The discrimination and calibration were obtained to evaluate the predictive performance of the nomogram. Discrimination evaluates how well the predicted risks distinguish between patients with and without disease (death). The discrimination properties were evaluated by means of survival analysis, receiver operating characteristic curve (ROC), under the ROC curve (AUC), and the Harrell’s concordance index (C-index). The score of each participant was calculated based on the nomogram model, which was then used in ROC curve analyses to identify the points of the highest prognostic accuracy of 30 days. Patients were divided into different risk groups and survival analysis was compared.
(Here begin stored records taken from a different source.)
Definition is_inf_contact (Omega : set 'cV[R]_n) (V : 'cV[R]_n -> R)
    (x : 'cV[R]_n) (M : 'M[R]_n) (z : 'cV[R]_n) : Prop :=
  closure Omega z /\ forall w, closure Omega w ->
    V z + 2^-1 * quad M (x - z) <= V w + 2^-1 * quad M (x - w).
Definition is_sup_contact (Omega : set 'cV[R]_n) (V : 'cV[R]_n -> R)
    (x : 'cV[R]_n) (M : 'M[R]_n) (z : 'cV[R]_n) : Prop :=
  closure Omega z /\ forall w, closure Omega w ->
    V w - 2^-1 * quad M (x - w) <= V z - 2^-1 * quad M (x - z).

Definition Jsuper (Omega : set 'cV[R]_n) (V : 'cV[R]_n -> R)
    (zeta : 'cV[R]_n -> 'M[R]_n -> 'cV[R]_n) (x : 'cV[R]_n) (M : 'M[R]_n) : R :=
  let z := zeta x M in
  if `[< Omega z >] then Num.max (- Fop z (V z) (M *m (x - z)) (- M)) 0 else 0.
Definition Jsub (Omega : set 'cV[R]_n) (V : 'cV[R]_n -> R)
    (zetas : 'cV[R]_n -> 'M[R]_n -> 'cV[R]_n) (x : 'cV[R]_n) (M : 'M[R]_n) : R :=
  let z := zetas x M in
  if `[< Omega z >] then Num.max (Fop z (V z) (- (M *m (x - z))) M) 0 else 0.

Definition Jintegrand (Omega : set 'cV[R]_n) (V : 'cV[R]_n -> R)
    (zeta zetas : 'cV[R]_n -> 'M[R]_n -> 'cV[R]_n) (z : vecB * matB) : R :=
  Jsuper Omega V zeta z.1 z.2 + Jsub Omega V zetas z.1 z.2.
Definition Jcost (nuX : probability vecB R) (nuM : probability matB R)
    (Omega : set 'cV[R]_n) (V : 'cV[R]_n -> R)
    (zeta zetas : 'cV[R]_n -> 'M[R]_n -> 'cV[R]_n) : \bar R :=
  (\int[nuX \x nuM]_z (Jintegrand Omega V zeta zetas z)%:E)%E.

End defs.

(* At an interior contact point z of the inf-convolution of V with the
   quadratic 1/2 (x - .)^T M (x - .), the concave quadratic
   y |-> -1/2 (x - y)^T M (x - y) touches V from below, so it is an admissible
   test function for the supersolution property; its gradient and Hessian at z
   are M (x - z) and -M, which is exactly the pair at which J_super evaluates
   F. Symmetrically J_sub vanishes for subsolutions. Thus the nonnegative
   integrand of J vanishes on closure Omega x S_{++}(n), a set of full
   (nuX x nuM)-measure, and conversely a nonnegative integrand with zero
   integral vanishes almost everywhere. S_{++}(n) is Borel because, among
   symmetric matrices, positive definite = positive semidefinite (closed) and
   invertible (open). *)

From HB Require Import structures.
From mathcomp Require Import all_boot all_order all_algebra.
From mathcomp Require Import all_classical all_reals all_analysis.
From mathcomp Require Import ring lra fingroup perm measurable_realfun.
Set Implicit Arguments. Unset Strict Implicit. Unset Printing Implicit Defensive.
Import Order.TTheory GRing.Theory Num.Theory.
Import numFieldNormedType.Exports.
Local Open Scope classical_set_scope.
Local Open Scope ring_scope.
Lemma regular2_pd_frob_iter_pair : regular2 p%:R d <->
  forall i j, i != j -> regular2 (iter i.+1 phi d) (iter j.+1 phi d).
Proof.
rewrite regular2_pd_frob_iter_p; split=> [iter_p i j|pair].
  rewrite neq_ltn => /orP [lt_ij|lt_ji]; first exact: regular2_frob_iter_lt.
  have iter_ji : iter (i - j) phi (iter j.+1 phi d) = iter i.+1 phi d.
    by rewrite -iterD addnS subnK // ltnW.
  by rewrite (regular2_frob_iter_swap iter_ji); exact: regular2_frob_iter_lt.
apply/regular2_pd_frob_iter_p/regular2_pd_frob_p.
apply/(regular2_frob_iter_p 0 (distinguished_frob_iter 1 d_dist)).
exact: (pair 0%N 1%N).
Qed.

Lemma regular2_pd_tfae :
  [<-> regular2 p%:R d; regular2 d p%:R;
       regular2 (phi d) d; regular2 d (phi d);
       regular2 p%:R (phi d); regular2 (phi d) p%:R;
       forall i, regular2 p%:R (iter i.+1 phi d);
       forall i, regular2 (iter i.+1 phi d) p%:R;
       forall i j, i != j -> regular2 (iter i.+1 phi d) (iter j.+1 phi d)].
Proof.
tfae.
- by move/regular2_pd_swap.
- by move/regular2_pd_swap/regular2_pd_frob_d.
- by move/regular2_pd_frob_d/regular2_pd_d_frob.
- by move/regular2_pd_d_frob/regular2_pd_p_frob.
- by move/regular2_pd_p_frob/regular2_pd_frob_p.
- by move/regular2_pd_frob_p/regular2_pd_p_frob_iter.
- by move/regular2_pd_p_frob_iter/regular2_pd_frob_iter_p.
- by move/regular2_pd_frob_iter_p/regular2_pd_frob_iter_pair.
- by move/regular2_pd_frob_iter_pair.
Qed.

End Distinguished.
End DeltaRing.

Theorem lemma2p9 (p : nat) (A : comPzRingType) (delta : A -> A)
    (I : A -> Prop) (d : A) :
  prime p -> Zp_localized A p -> delta_ring p delta ->
  (forall x : A, I x <-> exists a : A, x = a * d) ->
  distinguished delta d ->
  derived_complete [:: p%:R; d] ->
  let phi := frob p delta in
  [<-> regular2 p%:R d;
       regular2 d p%:R;
       regular2 (phi d) d;
       regular2 d (phi d);
       regular2 p%:R (phi d);
       regular2 (phi d) p%:R;
       forall i : nat, regular2 p%:R (iter i.+1 phi d);
       forall i : nat, regular2 (iter i.+1 phi d) p%:R;
       forall i j : nat, i != j -> regular2 (iter i.+1 phi d) (iter j.+1 phi d)]
  /\ (regular2 p%:R d -> adically_complete_pd p%:R d).
Proof.
move=> p_prime _ deltaP _ d_dist pd_complete phi.
have p_complete : derived_complete_elem (p%:R : A).
  by apply: pd_complete; rewrite inE eqxx.
have d_complete : derived_complete_elem d.
  by apply: pd_complete; rewrite !inE eqxx orbT.
split; first exact: regular2_pd_tfae.
by move=> pd; apply: regular2_adically_complete.
Qed.
(* Let $T : M_{m,n}\to M_{r,s}$ be a triple morphism which is not identically zero. Then $T$ is one-to-one, and there exist an integer $k\ge 1$ and unitary matrices $U\in M_r$, $V\in M_s$ such that $$T(A) = U\,\mathrm{diag}\{A, A,\dots, A, 0\}\,V\qquad (A\in M_{m,n}),$$ where $\mathrm{diag}\{A,\dots,A,0\}$ is the block-diagonal $r\times s$ matrix with $k$ copies of $A$ followed by a zero block of size $(r-km)\times(s-kn)$ (possibly empty).
   Context: $M_{m,n}$ denotes the $m\times n$ complex matrices, a triple system with product $xy^*z$. A triple morphism is a linear map $T$ with $T(xy^*z) = T(x)T(y)^*T(z)$. *)

From HB Require Import structures.
From mathcomp Require Import all_boot all_order all_algebra.
From mathcomp Require Import complex.
From mathcomp Require Import Rstruct.
Set Implicit Arguments.
Unset Strict Implicit.
Unset Printing Implicit Defensive.
Import Order.TTheory GRing.Theory Num.Theory.
Local Open Scope ring_scope.

Definition CC : numClosedFieldType := (Rdefinitions.R)[i].

Definition adjmx (m n : nat) (A : 'M[CC]_(m, n)) : 'M[CC]_(n, m) :=
  map_mx Num.conj A^T.

Definition triple (m n : nat) (x y z : 'M[CC]_(m, n)) : 'M[CC]_(m, n) :=
  x *m adjmx y *m z.

Definition triple_morphism (m n r s : nat) (T : 'M[CC]_(m, n) -> 'M[CC]_(r, s)) :=
  linear T /\ forall x y z, T (triple x y z) = triple (T x) (T y) (T z).

Definition unitary_mx (n : nat) (U : 'M[CC]_n) :=
  U *m adjmx U = 1%:M /\ adjmx U *m U = 1%:M.

Definition mx_at (m n : nat) (A : 'M[CC]_(m, n)) (a b : nat) : CC :=
  match insub a, insub b with
  | Some i, Some j => A i j
  | _, _ => 0
  end.

(* diag{A, ..., A, 0} : the r x s block-diagonal matrix with k copies of A
   (the l-th copy, l < k, occupying rows l*m .. l*m+m-1 and columns
   l*n .. l*n+n-1) followed by a zero block of size (r - k m) x (s - k n). *)
Definition blockdiag_rep (m n r s k : nat) (A : 'M[CC]_(m, n)) : 'M[CC]_(r, s) :=
  \matrix_(i < r, j < s)
    if [&& (i < k * m)%N, (j < k * n)%N & (i %/ m == j %/ n)%N]
    then mx_at A (i %% m) (j %% n) else 0.

From HB Require Import structures.
From mathcomp Require Import all_boot all_order all_algebra.
From mathcomp Require Import sesquilinear spectral.
From mathcomp.real_closed Require Import mxtens.
Set Implicit Arguments.
Unset Strict Implicit.
Unset Printing Implicit Defensive.
Import GRing.Theory Num.Theory.
Local Open Scope ring_scope.
Local Open Scope sesquilinear_scope.

(* Write E_ij = T(e_ij) for the images of the matrix units and W = E_{i0 j0}.
   Preserving x y^* z on matrix units means E_ij E_kl^* E_pq = [j = l][k = p]
   E_iq, so W is a partial isometry and E_ij = E_{i j0} W^* E_{i0 j}.  Take an
   orthonormal basis b_1, ..., b_k of the row space of W, so that B^* B = W^* W.
   Then the k m rows b_l E_{i j0}^* of C and the k n rows b_l W^* E_{i0 j} of D
   are orthonormal and T A = C^* (I_k (x) A) D.  Completing C and D to unitary
   matrices gives the block-diagonal form, and A is recovered from
   I_k (x) A = C T(A) D^*, which also forces k >= 1 as soon as T <> 0. *)

Section TensorProduct.
Variable R : comPzRingType.

Fact tensmx_is_linear m n p q (M : 'M[R]_(m, n)) :
  linear (@tensmx R m n p q M).
Proof.
by move=> a A B; apply/matrixP => i j; rewrite !mxE mulrDr mulrCA.
Qed.
HB.instance Definition _ m n p q (M : 'M[R]_(m, n)) :=
  GRing.isLinear.Build R 'M[R]_(p, q) 'M[R]_(m * p, n * q) _
    (@tensmx R m n p q M) (@tensmx_is_linear m n p q M).

Lemma tensmxDl m n p q (M N : 'M[R]_(m, n)) (A : 'M[R]_(p, q)) :
  (M + N) *t A = M *t A + N *t A.
Proof. by apply/matrixP => i j; rewrite !mxE mulrDl. Qed.

Lemma tensmx_delta m n p q (i : 'I_m) (j : 'I_n) (i' : 'I_p) (j' : 'I_q) :
  delta_mx i j *t delta_mx i' j' =
    delta_mx (mxtens_index (i, i')) (mxtens_index (j, j')) :> 'M[R]_(_, _).
Proof.
apply/matrixP => a b.
case: (mxtens_indexP a) => a1 a2; case: (mxtens_indexP b) => b1 b2.
rewrite tensmxE !mxE !(inj_eq (can_inj (@mxtens_indexK _ _))) !xpair_eqE.
by rewrite -natrM mulnb andbACA.
Qed.

Lemma tens1mx_delta k m n (i : 'I_m) (j : 'I_n) :
  (1%:M : 'M[R]_k) *t delta_mx i j =
    \sum_(l < k) delta_mx (mxtens_index (l, i)) (mxtens_index (l, j)).
Proof.
rewrite scalar_mx_sum_delta.
rewrite (big_morph (fun M : 'M[R]_k => M *t delta_mx i j)
                   (fun M N => tensmxDl M N _) (tens0mx _)).
by apply: eq_bigr => l _; rewrite scale1r tensmx_delta.
Qed.

End TensorProduct.

Section MatrixProducts.
Variable R : pzRingType.

Lemma mulmx_delta_mx m n p q (A : 'M[R]_(m, n)) (i : 'I_n) (j : 'I_p)
    (B : 'M[R]_(p, q)) :
  A *m delta_mx i j *m B = col i A *m row j B.
Proof.
by rewrite -(mul_delta_mx (0 : 'I_1)) mulmxA -colE -mulmxA -rowE.
Qed.

Lemma mulmx_sum_col_row m n p (A : 'M[R]_(m, n)) (B : 'M[R]_(n, p)) :
  A *m B = \sum_(l < n) col l A *m row l B.
Proof.
rewrite -{1}[A]mulmx1 scalar_mx_sum_delta mulmx_sumr mulmx_suml.
by apply: eq_bigr => l _; rewrite scale1r mulmx_delta_mx.
Qed.

Lemma castmx_mulmx3 a b p p' q q' (e1 : p = p') (e2 : q = q')
    (A : 'M[R]_(a, p)) (M : 'M[R]_(p, q)) (B : 'M[R]_(q, b)) :
  castmx (erefl a, e1) A *m castmx (e1, e2) M *m castmx (e2, erefl b) B =
    A *m M *m B.
Proof. by case: p' / e1; case: q' / e2; rewrite !castmx_id. Qed.

End MatrixProducts.

Section ConjugateTranspose.
Variable C : numClosedFieldType.

Local Notation "B ^!" :=
  (orthomx Num.conj (mx_of_hermitian (hermitian1mx _)) B) : matrix_set_scope.

Lemma trmxC_mul m n p (A : 'M[C]_(m, n)) (B : 'M[C]_(n, p)) :
  (A *m B)^t* = B^t* *m A^t*.
Proof. by rewrite trmx_mul map_mxM. Qed.

Lemma trmxC_delta m n (i : 'I_m) (j : 'I_n) :
  (delta_mx i j : 'M[C]_(m, n))^t* = delta_mx j i.
Proof. by apply/matrixP => a b; rewrite !mxE andbC rmorph_nat. Qed.

Lemma col_trmxC m n (A : 'M[C]_(m, n)) i : col i (A^t*) = (row i A)^t*.
Proof. by apply/matrixP => a b; rewrite !mxE. Qed.

Lemma trmxC_castmx a b n (e : a = b) (M : 'M[C]_(a, n)) :
  (castmx (e, erefl n) M)^t* = castmx (erefl n, e) (M^t*).
Proof. by case: b / e; rewrite !castmx_id. Qed.

Lemma castmx_unitary a b n (e : a = b) (M : 'M[C]_(a, n)) :
  M \is unitarymx -> castmx (e, erefl n) M \is unitarymx.
Proof. by case: b / e; rewrite castmx_id. Qed.

Lemma partial_isometry_trmxC p q (W : 'M[C]_(p, q)) :
  W *m W^t* *m W = W -> W^t* *m W *m W^t* = W^t*.
Proof. by move/(congr1 (fun M => M^t*)); rewrite !trmxC_mul trmxCK mulmxA. Qed.

(* Both sides are orthogonal projections: each fixes the other's range. *)
Lemma unitary_basis_projector k p q (B : 'M[C]_(k, q)) (W : 'M[C]_(p, q)) :
  B \is unitarymx -> W *m W^t* *m W = W -> (B :=: W)%MS ->
  B^t* *m B = W^t* *m W.
Proof.
move=> /unitarymxP BB WWW eqBW.
have BP : B *m (W^t* *m W) = B.
  have /submxP [X ->] : (B <= W)%MS by rewrite eqBW.
  by rewrite -mulmxA [W *m _]mulmxA WWW.
have WQ : W *m (B^t* *m B) = W.
  have /submxP [Y ->] : (W <= B)%MS by rewrite eqBW.
  by rewrite -mulmxA [B *m _]mulmxA BB mul1mx.
have QP : B^t* *m B *m (W^t* *m W) = B^t* *m B by rewrite -mulmxA BP.
have PQ : W^t* *m W *m (B^t* *m B) = W^t* *m W by rewrite -mulmxA WQ.
have herm l (M : 'M[C]_(l, q)) : (M^t* *m M)^t* = M^t* *m M.
  by rewrite trmxC_mul trmxCK.
by rewrite -[LHS]herm -QP trmxC_mul !herm PQ.
Qed.

Lemma unitary_completion p n (A : 'M[C]_(p, n)) : A \is unitarymx ->
  exists q (X : 'M[C]_(q, n)) (e : (p + q = n)%N), col_mx A X \is unitarymx.
Proof.
move=> A_unitary; have /unitarymxP AA := A_unitary.
exists (\rank A^!%MS), (schmidt (row_base A^!%MS)).
exists (etrans (congr1 (addn^~ _) (esym (mxrank_unitary A_unitary)))
                (add_rank_ortho A)).
apply/unitarymxP; rewrite tr_col_mx map_row_mx mul_col_row AA.
rewrite (unitarymxP (schmidt_unitarymx _ (rank_leq_col _))).
have X_ortho : (schmidt (row_base A^!%MS) <= A^!)%MS.
  by rewrite eqmx_schmidt_free ?eq_row_base ?row_base_free.
by rewrite !(orthomx1P _) -?scalar_mx_block // orthomx_sym.
Qed.

End ConjugateTranspose.

Lemma adjmxE m n (A : 'M[CC]_(m, n)) : adjmx A = A^t*.
Proof. by []. Qed.

Lemma unitary_mxP n (U : 'M[CC]_n) : U \is unitarymx -> unitary_mx U.
Proof. by move=> /unitarymxP UU; split; rewrite adjmxE // mulmx1C. Qed.

Section TripleMorphism.
Variables (m n r s : nat) (T : {linear 'M[CC]_(m, n) -> 'M[CC]_(r, s)}).
Hypothesis T_triple : forall x y z, T (triple x y z) = triple (T x) (T y) (T z).
Variables (i0 : 'I_m) (j0 : 'I_n).

Local Notation E i j := (T (delta_mx i j)).

Lemma T_delta_triple i j i' j' i'' j'' :
  E i j *m (E i' j')^t* *m E i'' j'' =
    if (j == j') && (i' == i'') then E i j'' else 0.
Proof.
rewrite -[_ *m _ *m _]/(triple _ _ _) -T_triple /triple adjmxE trmxC_delta.
rewrite mul_delta_mx_cond.
case: (j == j'); last by rewrite mulr0n mul0mx linear0.
by rewrite mul_delta_mx_cond; case: (i' == i''); rewrite ?mulr0n ?linear0.
Qed.

Local Notation W := (E i0 j0).

Lemma W_partial_isometry : W *m W^t* *m W = W.
Proof. by rewrite T_delta_triple !eqxx. Qed.

Lemma T_delta_factor i j : E i j = E i j0 *m W^t* *m E i0 j.
Proof. by rewrite T_delta_triple !eqxx. Qed.

Local Notation k := (\rank W).
Local Notation B := (schmidt (row_base W)).

Lemma B_unitary : B \is unitarymx.
Proof. exact: schmidt_unitarymx (rank_leq_col W). Qed.

Lemma B_projector : B^t* *m B = W^t* *m W.
Proof.
apply: unitary_basis_projector B_unitary W_partial_isometry _.
exact: eqmx_trans (eqmx_schmidt_free (row_base_free W)) (eq_row_base W).
Qed.

Lemma row_B_projector l : row l B *m (W^t* *m W) = row l B.
Proof.
by rewrite -row_mul -B_projector mulmxA (unitarymxP B_unitary) mul1mx.
Qed.

Lemma row_B_dot l l' : (row l B *m (row l' B)^t*) 0 0 = (l == l')%:R.
Proof. by have /row_unitarymxP/(_ l l') := B_unitary; rewrite dotmxE. Qed.

Definition tens_left : 'M[CC]_(k * m, r) :=
  \matrix_p (row (mxtens_unindex p).1 B *m (E (mxtens_unindex p).2 j0)^t*).

Definition tens_right : 'M[CC]_(k * n, s) :=
  \matrix_p (row (mxtens_unindex p).1 B *m W^t* *m E i0 (mxtens_unindex p).2).

Lemma row_tens_left l i :
  row (mxtens_index (l, i)) tens_left = row l B *m (E i j0)^t*.
Proof. by rewrite rowK mxtens_indexK. Qed.

Lemma row_tens_right l j :
  row (mxtens_index (l, j)) tens_right = row l B *m W^t* *m E i0 j.
Proof. by rewrite rowK mxtens_indexK. Qed.

Lemma tens_left_unitary : tens_left \is unitarymx.
Proof.
apply/row_unitarymxP => a b; rewrite dotmxE.
case: (mxtens_indexP a) => l i; case: (mxtens_indexP b) => l' i'.
rewrite !row_tens_left trmxC_mul trmxCK (inj_eq (can_inj (@mxtens_indexK _ _))).
rewrite -(row_B_projector l) -!mulmxA [W *m (_ *m _)]mulmxA.
rewrite [W *m _ *m (_ *m _)]mulmxA T_delta_triple eqxx xpair_eqE /=.
case: (i == i'); last by rewrite !(mul0mx, mulmx0) mxE andbF.
by rewrite [W^t* *m _]mulmxA mulmxA row_B_projector row_B_dot andbT.
Qed.

Lemma tens_right_unitary : tens_right \is unitarymx.
Proof.
apply/row_unitarymxP => a b; rewrite dotmxE.
case: (mxtens_indexP a) => l j; case: (mxtens_indexP b) => l' j'.
rewrite !row_tens_right !trmxC_mul trmxCK.
rewrite (inj_eq (can_inj (@mxtens_indexK _ _))).
rewrite -!mulmxA [E i0 j *m _]mulmxA [E i0 j *m _ *m _]mulmxA.
rewrite T_delta_triple eqxx xpair_eqE andbT.
case: (j == j'); last by rewrite !(mul0mx, mulmx0) mxE andbF.
by rewrite [W^t* *m _]mulmxA mulmxA row_B_projector row_B_dot andbT.
Qed.

Lemma T_delta_tens i j :
  E i j = tens_left^t* *m (1%:M *t delta_mx i j) *m tens_right.
Proof.
transitivity (E i j0 *m (B^t* *m B) *m W^t* *m E i0 j).
  rewrite B_projector -(mulmxA (E i j0)).
  by rewrite (partial_isometry_trmxC W_partial_isometry) -T_delta_factor.
rewrite tens1mx_delta mulmx_sumr mulmx_suml (mulmx_sum_col_row (B^t*)).
rewrite mulmx_sumr !mulmx_suml; apply: eq_bigr => l _.
rewrite mulmx_delta_mx !col_trmxC row_tens_left row_tens_right.
by rewrite trmxC_mul trmxCK !mulmxA.
Qed.

Lemma T_tens A : T A = tens_left^t* *m (1%:M *t A) *m tens_right.
Proof.
rewrite (matrix_sum_delta A) !linear_sum /= mulmx_suml; apply: eq_bigr => i _.
rewrite !linear_sum /= mulmx_suml; apply: eq_bigr => j _.
by rewrite !linearZ /= -scalemxAl T_delta_tens.
Qed.

Lemma triple_morphism_tens :
  exists k (U : 'M[CC]_(k * m, r)) (V : 'M[CC]_(k * n, s)),
    [/\ U \is unitarymx, V \is unitarymx &
         forall A, T A = U^t* *m (1%:M *t A) *m V].
Proof.
exists k, tens_left, tens_right.
split; [exact: tens_left_unitary | exact: tens_right_unitary | exact: T_tens].
Qed.

End TripleMorphism.

Lemma tens_sandwich_inj (F : numClosedFieldType) m n r s k
    (U : 'M[F]_(k * m, r)) (V : 'M[F]_(k * n, s)) :
  (0 < k)%N -> U \is unitarymx -> V \is unitarymx ->
  injective (fun A : 'M[F]_(m, n) => U^t* *m (1%:M *t A) *m V).
Proof.
move=> k_gt0 /unitarymxP UU V_unitary A A'.
move/(congr1 (fun M => U *m M *m V^t*)).
rewrite /= !mulmxA UU !mul1mx !mulmxtVK // => eqAA'.
apply/matrixP => i j; pose l := Ordinal k_gt0.
move/matrixP/(_ (mxtens_index (l, i)) (mxtens_index (l, j))): eqAA'.
by rewrite !tensmxE mxE eqxx !mul1r.
Qed.

Lemma blockdiag_repE m n r s k q1 q2 (e1 : (k * m + q1 = r)%N)
    (e2 : (k * n + q2 = s)%N) (A : 'M[CC]_(m, n)) :
  blockdiag_rep r s k A = castmx (e1, e2) (block_mx (1%:M *t A) 0 0 0).
Proof.
apply/matrixP => a b; rewrite castmxE mxE.
set a' := cast_ord _ a; set b' := cast_ord _ b.
have -> : (a : nat) = a' by []; have -> : (b : nat) = b' by [].
rewrite [RHS]mxE; case: splitP => [p ->|p ->]; last first.
  by rewrite row_mx0 mxE.
rewrite mxE; case: splitP => [q ->|q ->]; last by rewrite mxE.
(* [mxtens_unindex p] is [(p %/ m, p %% m)] by definition. *)
rewrite /mx_at (valK (mxtens_unindex p).2 : insub (p %% m)%N = _).
rewrite (valK (mxtens_unindex q).2 : insub (q %% n)%N = _) !mxE.
rewrite -[(_ %/ _ == _)%N]/((mxtens_unindex p).1 == (mxtens_unindex q).1).
by case: eqP; rewrite ?mulr1n ?mulr0n ?mul1r ?mul0r.
Qed.

Lemma tens_sandwich_blockdiag m n r s k
    (U : 'M[CC]_(k * m, r)) (V : 'M[CC]_(k * n, s)) :
  U \is unitarymx -> V \is unitarymx ->
  [/\ (k * m <= r)%N, (k * n <= s)%N &
    exists (U' : 'M[CC]_r) (V' : 'M[CC]_s),
      [/\ unitary_mx U', unitary_mx V' & forall A : 'M[CC]_(m, n),
         U^t* *m (1%:M *t A) *m V = U' *m blockdiag_rep r s k A *m V']].
Proof.
move=> U_unitary V_unitary.
have [q1 [X [e1 UX_unitary]]] := unitary_completion U_unitary.
have [q2 [Y [e2 VY_unitary]]] := unitary_completion V_unitary.
split; [by rewrite -e1 leq_addr | by rewrite -e2 leq_addr |].
exists ((castmx (e1, erefl r) (col_mx U X))^t*).
exists (castmx (e2, erefl s) (col_mx V Y)).
split=> [||A].
- by apply: unitary_mxP; rewrite trmxC_unitary castmx_unitary.
- by apply: unitary_mxP; rewrite castmx_unitary.
rewrite (blockdiag_repE e1 e2) trmxC_castmx castmx_mulmx3 tr_col_mx map_row_mx.
by rewrite mul_row_block mul_row_col !mulmx0 !addr0 mul0mx addr0.
Qed.

Theorem lemma3p5 (m n r s : nat) (T : 'M[CC]_(m, n) -> 'M[CC]_(r, s)) :
  triple_morphism T ->
  (exists A : 'M[CC]_(m, n), T A != 0) ->
  injective T /\
  exists k : nat, [/\ (1 <= k)%N, (k * m <= r)%N, (k * n <= s)%N &
    exists (U : 'M[CC]_r) (V : 'M[CC]_s),
      [/\ unitary_mx U, unitary_mx V &
          forall A : 'M[CC]_(m, n), T A = U *m blockdiag_rep r s k A *m V]].
Proof.
case=> T_linear T_triple [A TA_neq0].
pose Tl : {linear 'M[CC]_(m, n) -> 'M[CC]_(r, s)} :=
  HB.pack T (GRing.isLinear.Build _ _ _ _ T T_linear).
have /matrix0Pn [i0 [j0 _]] : A != 0.
  by apply: contraNneq TA_neq0 => ->; apply/eqP; exact: (linear0 Tl).
have [k [U [V [U_unitary V_unitary T_tens]]]] :=
  triple_morphism_tens (T := Tl) T_triple i0 j0.
have k_gt0 : (0 < k)%N.
  rewrite lt0n; apply: contraNneq TA_neq0 => k0; subst k.
  by rewrite [T A]T_tens [1%:M *t A]flatmx0 mulmx0 mul0mx.
split=> [A1 A2|].
  by rewrite ![T _]T_tens => /(tens_sandwich_inj k_gt0 U_unitary V_unitary).
have [le_km_r le_kn_s [U' [V' [U'_unitary V'_unitary UV_blockdiag]]]] :=
  tens_sandwich_blockdiag U_unitary V_unitary.
exists k; split=> //; exists U', V'; split=> // B.
by rewrite [T B]T_tens UV_blockdiag.
Qed.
The C-index value ranges from 0 to 1, and a value of 0.5 indicates no discrimination, whereas a value of 1.0 indicates perfect discrimination. Calibration evaluates the reliability of the estimated risks, which was used to graphically evaluate the calibration of the nomogram in both the training and validation sets. The model was performed by comparing the predicted probability of survival versus the actual probability of survival, again using 1000 bootstrap re-samples to reduce the overfit bias. The predictions falling on a 45-degree diagonal line indicate a well-calibrated model. Discrimination and calibration alone cannot inform us whether the model is beneficial for clinical decision-making (18). Thus, the decision curve analysis (DCA) has been developed to summarize the performance of the model in supporting decision making. DCA is a statistical method to evaluate whether a model is useful in supporting clinical decisions, and it was applied to evaluate the net benefit from the perspective of clinical consequences in present study. The ROC curve, survival curves, calibration, and DCA curve were compared between the training set and the validation set.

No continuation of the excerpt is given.